Saved data entries

Lemma box_coord_lt (L L' : R) z : L <= L' -> box ellv f L L' z ->
  forall j : 'I_d, `|(z 0 j)%:~R : R| < d%:R * L'.
Proof.
move=> LL' [z_ellv z_f] j.
have -> : (z 0 j)%:~R = \sum_(i < d) dotZ z (f i) * f i 0 j :> R.
  rewrite /dotZ; under eq_bigr do rewrite mulr_suml; rewrite exchange_big /=.
  under eq_bigr do under eq_bigr do rewrite -mulrA.
  under eq_bigr do rewrite -mulr_sumr orthonormal_fam_sum_coord.
  rewrite (bigD1 j) //= eqxx mulr1 big1 ?addr0 // => k kj.
  by rewrite (negbTE kj) mulr0.
apply: le_lt_trans (ler_norm_sum _ _ _) _.
rewrite -[d in d%:R]card_ord mulr_natl -sumr_const; apply: ltr_sum => [|i _].
  by apply/hasP; exists j; rewrite ?mem_index_enum.
have fi_coord : `|f i 0 j| <= 1 by apply: unit_coord_le1; rewrite f_orthonormal eqxx.
have z_fi : `|dotZ z (f i)| < L'.
  have [i0|] := posnP (val i); last exact: z_f.
  by rewrite f0_ellv //; apply: lt_le_trans LL'.
by rewrite normrM; apply: le_lt_trans z_fi; rewrite ler_piMr.
Qed.

(* The box lies in the cube [-N, N]^d with N = floor (d L'). *)
Lemma box_sub_seq (L L' : R) : L <= L' -> 1 <= L' ->
  exists s : seq (Zd d), [/\ uniq s, (size s)%:R <= ((2 * d + 3)%:R * L') ^+ d
                           & box ellv f L L' `<=` [set` s]].
Proof.
move=> LL' L'1; have L'0 : 0 <= L' by apply: le_trans L'1.
have D0 : 0 <= d%:R * L' by rewrite mulr_ge0.
set N := Num.Def.trunc (d%:R * L'); have /andP[ND DN] := truncn_itv D0.
pose T := {ffun 'I_d -> 'I_N.*2.+1}.
pose phi (h : T) : Zd d := \row_j ((h j : nat)%:Z - N%:Z).
have phi_inj : injective phi.
  move=> h1 h2 /matrixP e; apply/ffunP => j; apply/val_inj.
  by have := e 0 j; rewrite !mxE => /addIr [].
exists (map phi (enum T)); split.
- by rewrite map_inj_uniq ?enum_uniq.
- rewrite size_map -cardE card_ffun !card_ord natrX lerXn2r ?nnegrE ?mulr_ge0 //.
  by rewrite -addn1 -mul2n !natrD ?natrM; lra.
move=> z Bz.
have zj_le j : (- N%:Z <= z 0 j <= N%:Z)%R.
  have := lt_trans (box_coord_lt LL' Bz j) DN.
  by rewrite -intr_norm -[N.+1%:R]/((N.+1)%:Z%:~R : R) ltr_int => ?; apply/andP; split; lia.
pose h : T := [ffun j => inord (absz (z 0 j + N%:Z))].
suff <- : phi h = z by rewrite /= mem_map // mem_enum.
apply/matrixP => i j; rewrite !mxE (ord1 i) ffunE.
by have /andP[lo hi] := zj_le j; rewrite inordK; [rewrite gez0_abs; lia | lia].
Qed.

End Box.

Aim of the exercise:
Restate all of the entries above precisely.

Answer to the exercise:
Lemma box_coord_lt (L L' : R) z : L <= L' -> box ellv f L L' z ->
  forall j : 'I_d, `|(z 0 j)%:~R : R| < d%:R * L'.
Proof.
move=> LL' [z_ellv z_f] j.
have -> : (z 0 j)%:~R = \sum_(i < d) dotZ z (f i) * f i 0 j :> R.
  rewrite /dotZ; under eq_bigr do rewrite mulr_suml; rewrite exchange_big /=.
  under eq_bigr do under eq_bigr do rewrite -mulrA.
  under eq_bigr do rewrite -mulr_sumr orthonormal_fam_sum_coord.
  rewrite (bigD1 j) //= eqxx mulr1 big1 ?addr0 // => k kj.
  by rewrite (negbTE kj) mulr0.
apply: le_lt_trans (ler_norm_sum _ _ _) _.
rewrite -[d in d%:R]card_ord mulr_natl -sumr_const; apply: ltr_sum => [|i _].
  by apply/hasP; exists j; rewrite ?mem_index_enum.
have fi_coord : `|f i 0 j| <= 1 by apply: unit_coord_le1; rewrite f_orthonormal eqxx.
have z_fi : `|dotZ z (f i)| < L'.
  have [i0|] := posnP (val i); last exact: z_f.
  by rewrite f0_ellv //; apply: lt_le_trans LL'.
by rewrite normrM; apply: le_lt_trans z_fi; rewrite ler_piMr.
Qed.

(* The box lies in the cube [-N, N]^d with N = floor (d L'). *)
Lemma box_sub_seq (L L' : R) : L <= L' -> 1 <= L' ->
  exists s : seq (Zd d), [/\ uniq s, (size s)%:R <= ((2 * d + 3)%:R * L') ^+ d
                           & box ellv f L L' `<=` [set` s]].
Proof.
move=> LL' L'1; have L'0 : 0 <= L' by apply: le_trans L'1.
have D0 : 0 <= d%:R * L' by rewrite mulr_ge0.
set N := Num.Def.trunc (d%:R * L'); have /andP[ND DN] := truncn_itv D0.
pose T := {ffun 'I_d -> 'I_N.*2.+1}.
pose phi (h : T) : Zd d := \row_j ((h j : nat)%:Z - N%:Z).
have phi_inj : injective phi.
  move=> h1 h2 /matrixP e; apply/ffunP => j; apply/val_inj.
  by have := e 0 j; rewrite !mxE => /addIr [].
exists (map phi (enum T)); split.
- by rewrite map_inj_uniq ?enum_uniq.
- rewrite size_map -cardE card_ffun !card_ord natrX lerXn2r ?nnegrE ?mulr_ge0 //.
  by rewrite -addn1 -mul2n !natrD ?natrM; lra.
move=> z Bz.
have zj_le j : (- N%:Z <= z 0 j <= N%:Z)%R.
  have := lt_trans (box_coord_lt LL' Bz j) DN.
  by rewrite -intr_norm -[N.+1%:R]/((N.+1)%:Z%:~R : R) ltr_int => ?; apply/andP; split; lia.
pose h : T := [ffun j => inord (absz (z 0 j + N%:Z))].
suff <- : phi h = z by rewrite /= mem_map // mem_enum.
apply/matrixP => i j; rewrite !mxE (ord1 i) ffunE.
by have /andP[lo hi] := zj_le j; rewrite inordK; [rewrite gez0_abs; lia | lia].
Qed.

End Box.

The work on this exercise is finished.